Looking ahead, Mr Sycamore added, the near-term path for crypto hinges on three key pressures easing: risk aversion flows, fading odds of a December Fed rate cut, and a resurgent US dollar. 

"In summary, until macro headwinds ease or a fresh catalyst emerges, crypto remains vulnerable to further aftershocks."

Earlier today, Bitcoin was down 7.3% overnight to $US99,036, the first time it's broken below $US100,000 since June.

Now, Bitcoin is up 1.8% to $US102,258, while Ethereum is up 3.8% to $US3,335. 

Dalian iron ore extends falls on China demand concerns

Dalian iron ore futures declined for a fourth straight session on Wednesday, local time, weighed down by concerns about demand in top consumer China due to a persistently weak manufacturing sector.

The most-traded January iron ore contract on China's Dalian Commodity Exchange fell 0.9% to 771 yuan($166.75) a metric tonne by 1:58pm AEDT.

The benchmark December iron ore on the Singapore Exchange was 0.4% lower at $US103.15 a tonne.

China's factory activity in October expanded at a slower pace as new orders and output both fell amid tariff concerns, a private-sector survey showed on Monday.

Last week, official data showed that China's factory activity shrank for a seventh month in October, falling to 49.0 in October from 49.8 in September and remaining below the 50 mark separating growth from contraction due to a drop in new export orders.

Iron ore prices are expected to remain bearish, with weakening steel demand, increasing domestic inventory since the third quarter and accelerating imported iron ore supply, said Chinese broker Galaxy Futures.

Analysts from ANZ said that while Hebei, a major steelmaking province in China, has reissued an environmental protection alert, the measures remain focused on sintering operations and have yet to affect blast furnace activity, limiting the impact on iron ore demand.

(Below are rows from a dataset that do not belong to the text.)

Lemma three_distinct_map_ratr (K : numClosedFieldType) (q : {poly rat}) :
  q != 0 ->
  three_distinct (root (map_poly (ratr : rat -> K) q)) <->
  (3 < size (sep_part q))%N.
Proof.
move=> q0; set p := map_poly _ q.
have p0 : p != 0 by rewrite map_poly_eq0.
rewrite -(size_map_poly (ratr : {rmorphism rat -> K})) map_sep_part -/p.
split => [[z1 [z2 [z3 [[r1 r2 r3] [d12 d13 d23]]]]]|].
  have := @max_poly_roots _ (sep_part p) [:: z1; z2; z3].
  rewrite sep_part_eq0 p0 /= !root_sep_part // r1 r2 r3 !inE negb_or.
  by rewrite d12 d13 d23 => /(_ isT isT isT).
have [zs zsE] := closed_field_poly_normal (sep_part p).
have lc0 : lead_coef (sep_part p) != 0 by rewrite lead_coef_eq0 sep_part_eq0.
have zs_uniq : uniq zs.
  rewrite -separable_prod_XsubC -(eqp_separable (eqp_scale _ lc0)) -zsE.
  exact: make_separable.
have zs_roots z : z \in zs -> root p z.
  by rewrite -root_sep_part // zsE rootZ // root_prod_XsubC.
rewrite zsE size_scale // size_prod_XsubC.
case: zs {zsE} zs_uniq zs_roots => [|z1 [|z2 [|z3 zs]]] //=.
rewrite !inE !negb_or => /and4P[/and3P[d12 d13 _] /andP[d23 _] _ _] zs_roots _.
exists z1, z2, z3; split; last by rewrite d12 d13 d23.
by split; apply: zs_roots; rewrite !inE eqxx ?orbT.
Qed.

Section SplitForm.
Variable K : fieldType.
Implicit Types (rs : seq K) (A B : 'M[K]_2) (g u v z : K).

Definition split_form rs u v := \prod_(r <- rs) (u - r * v).

Lemma split_formZ rs g u v :
  split_form rs (g * u) (g * v) = g ^+ size rs * split_form rs u v.
Proof.
rewrite /split_form -prodr_const_seq -big_split.
by apply: eq_bigr => r _ /=; ring.
Qed.

Lemma split_form_v0 rs u : split_form rs u 0 = u ^+ size rs.
Proof.
by rewrite -prodr_const_seq; apply: eq_bigr => r _; rewrite mulr0 subr0.
Qed.

Definition stab_form rs A := \det A != 0 /\
  forall u v, split_form rs (A ord0 ord0 * u + A ord0 ord_max * v)
                            (A ord_max ord0 * u + A ord_max ord_max * v)
              = split_form rs u v.

Definition mobius A z :=
  (A ord0 ord0 * z + A ord0 ord_max) / (A ord_max ord0 * z + A ord_max ord_max).

Lemma stab_form_mobius rs A z : stab_form rs A -> z \in rs ->
  A ord_max ord0 * z + A ord_max ord_max != 0 /\ mobius A z \in rs.
Proof.
move=> [detA stabA] zrs.
have := stabA z 1; rewrite !mulr1 [RHS](big_rem z) //= mulr1 subrr mul0r.
rewrite /mobius; set num := _ + A ord0 ord_max; set den := _ + A ord_max ord_max.
move=> form0; have den0 : den != 0.
  apply: contraNneq detA => den0; apply/eqP; rewrite det_mx22.
  move: form0; rewrite den0 split_form_v0 => /eqP; rewrite expf_eq0.
  move=> /andP[_ /eqP num0].
  have -> : A ord0 ord_max = - (A ord0 ord0 * z).
    by apply/eqP; rewrite -addr_eq0 addrC -/num num0.
  have -> : A ord_max ord_max = - (A ord_max ord0 * z).
    by apply/eqP; rewrite -addr_eq0 addrC -/den den0.
  ring.
split=> //; move/eqP: form0; rewrite prodf_seq_eq0 => /hasP[r rrs /=].
by rewrite subr_eq0 => /eqP->; rewrite mulfK.
Qed.

Lemma stab_form_scalar rs B g : stab_form rs B -> stab_form rs (g *: B) ->
  g ^+ size rs = 1.
Proof.
move=> [_ /(_ 1 0)] + [_ /(_ 1 0)]; rewrite !mxE !mulr1 !mulr0 !addr0.
by rewrite split_formZ => -> /eqP; rewrite split_form_v0 expr1n mulr1 => /eqP.
Qed.

End SplitForm.

Lemma quadratic_eq0_of_roots (K : fieldType) (x y z w1 w2 w3 : K) :
  w1 != w2 -> w1 != w3 -> w2 != w3 ->
  x * w1 ^+ 2 + y * w1 + z = 0 -> x * w2 ^+ 2 + y * w2 + z = 0 ->
  x * w3 ^+ 2 + y * w3 + z = 0 -> [/\ x = 0, y = 0 & z = 0].
Proof.
move=> d12 d13 d23 r1 r2 r3.
have slope w w' : w != w' -> x * w ^+ 2 + y * w + z = 0 ->
    x * w' ^+ 2 + y * w' + z = 0 -> x * (w + w') + y = 0.
  move=> dw rw rw'.
  have : (w - w') * (x * (w + w') + y) = 0.
    transitivity ((x * w ^+ 2 + y * w + z) - (x * w' ^+ 2 + y * w' + z)).
      by ring.
    by rewrite rw rw' subrr.
  by move/eqP; rewrite mulf_eq0 subr_eq0 (negPf dw) => /eqP.
have s12 := slope _ _ d12 r1 r2; have s13 := slope _ _ d13 r1 r3.
have : x * (w2 - w3) = 0.
  transitivity ((x * (w1 + w2) + y) - (x * (w1 + w3) + y)); first by ring.
  by rewrite s12 s13 subrr.
move/eqP; rewrite mulf_eq0 subr_eq0 (negPf d23) orbF => /eqP x0.
move: s12 r1; rewrite x0 !mul0r !add0r => ->.
by rewrite mul0r add0r.
Qed.

Lemma mobius_inj (K : fieldType) (A : 'M[K]_2) (w1 w2 : K) : \det A != 0 ->
  A ord_max ord0 * w1 + A ord_max ord_max != 0 ->
  A ord_max ord0 * w2 + A ord_max ord_max != 0 ->
  mobius A w1 = mobius A w2 -> w1 = w2.
Proof.
rewrite det_mx22 /mobius => detA den1 den2 /eqP; rewrite eqr_div // => /eqP eq12.
set a := A ord0 ord0; set b := A ord0 ord_max; set c := A ord_max ord0.
set d := A ord_max ord_max.
have : (w1 - w2) * (a * d - b * c) = 0.
  transitivity ((a * w1 + b) * (c * w2 + d) - (a * w2 + b) * (c * w1 + d)).
    by ring.
  by rewrite eq12 subrr.
by move/eqP; rewrite mulf_eq0 (negPf detA) orbF subr_eq0 => /eqP.
Qed.

Section MobiusRigidity.
Variable K : fieldType.
Variables A B : 'M[K]_2.
Hypothesis detB : \det B != 0.
Lemma sin_addrzM2pi (a : R) (m : int) : sin (a + m%:~R * (2 * pi)) = sin a.
Proof.
have sin_addrnM2pi (b : R) n : sin (b + n%:R * (2 * pi)) = sin b.
  by rewrite !mulr_natl periodicn //; exact: sinD2pi.
case: m => n; first exact: sin_addrnM2pi.
by rewrite NegzE mulrNz mulNr -[in RHS](subrK (n.+1%:R * (2 * pi)) a) sin_addrnM2pi.
Qed.

Lemma Rintegral_cst_02pi (b : R) : \int[mu]_(t in `[0, 2 * pi]) b = 2 * pi * b.
Proof.
have mu02 : fine (mu `[0, 2 * pi]) = 2 * pi.
  by rewrite lebesgue_measure_itv /= lte_fin mulr_gt0 ?pi_gt0 //= subr0.
by rewrite Rintegral_cst // mu02 mulrC.
Qed.

Lemma continuous_integrable_02pi (f : R -> R) :
  continuous f -> mu.-integrable `[0, 2 * pi] (EFin \o f).
Proof.
move=> cf; apply: continuous_compact_integrable; first exact: segment_compact.
exact: continuous_subspaceT.
Qed.

Lemma continuous_cos_lin (a c : R) : continuous (fun t : R => cos (a + c * t)).
Proof.
move=> t; apply: continuous_comp; last exact: continuous_cos.
apply: continuousD; first exact: cst_continuous.
by apply: continuousM; [exact: cst_continuous | exact: cvg_id].
Qed.

Lemma is_derive_lin (a c x : R) : is_derive x 1 (fun t : R => a + c * t) c.
Proof.
have : is_derive x 1 (cst a + c *: @id R) (0 + c *: 1) by exact: is_deriveD.
by rewrite add0r /GRing.scale /= mulr1.
Qed.

Lemma Rintegral_cos_lin (a : R) (m : int) :
  \int[mu]_(t in `[0, 2 * pi]) cos (a + m%:~R * t) =
  if m == 0 then 2 * pi * cos a else 0.
Proof.
have [->|m0] := eqVneq m 0.
  rewrite -Rintegral_cst_02pi; congr Rintegral.
  by apply: funext => t; rewrite mul0r addr0.
have mR : m%:~R != 0 :> R by rewrite intr_eq0.
pose F t := (m%:~R)^-1 * sin (a + m%:~R * t).
have dF (x : R) : is_derive x 1 F (cos (a + m%:~R * x)).
  have := is_deriveZ (m%:~R)^-1 (is_derive1_comp (is_derive_sin _) (is_derive_lin a m%:~R x)).
  by rewrite /GRing.scale /= mulrCA mulVf // mulr1.
have cF : continuous F.
  by move=> x; apply/differentiable_continuous/derivable1_diffP; case: (dF x).
rewrite /Rintegral (@continuous_FTC2 _ _ F) ?mulr_gt0 ?pi_gt0 //.
- by rewrite /F /= mulr0 addr0 sin_addrzM2pi subrr.
- exact/continuous_subspaceT/continuous_cos_lin.
- split; first by move=> x _; case: (dF x).
  + by apply: cvg_at_right_filter; apply: cF.
  + by apply: cvg_at_left_filter; apply: cF.
- by move=> x _; rewrite derive1E (@derive_val _ _ _ _ _ _ _ (dF x)).
Qed.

Still, "China's top property developers increased land acquisitions in the first 10 months of 2025, highlighting a cautious rebound in the real estate sector as some developers step up investments amid ongoing financial pressures," Chinese consultancy Mysteel said in a note.

Other steelmaking ingredients on the DCE lost ground, with coking coal and coke down 0.8% and 0.3%, respectively.

Steel benchmarks on the Shanghai Futures Exchange all declined. 

Rebar eased 1.4%, hot-rolled coil slid 1.2%, wire rod fell 0.1% and stainless steel dipped 0.4%.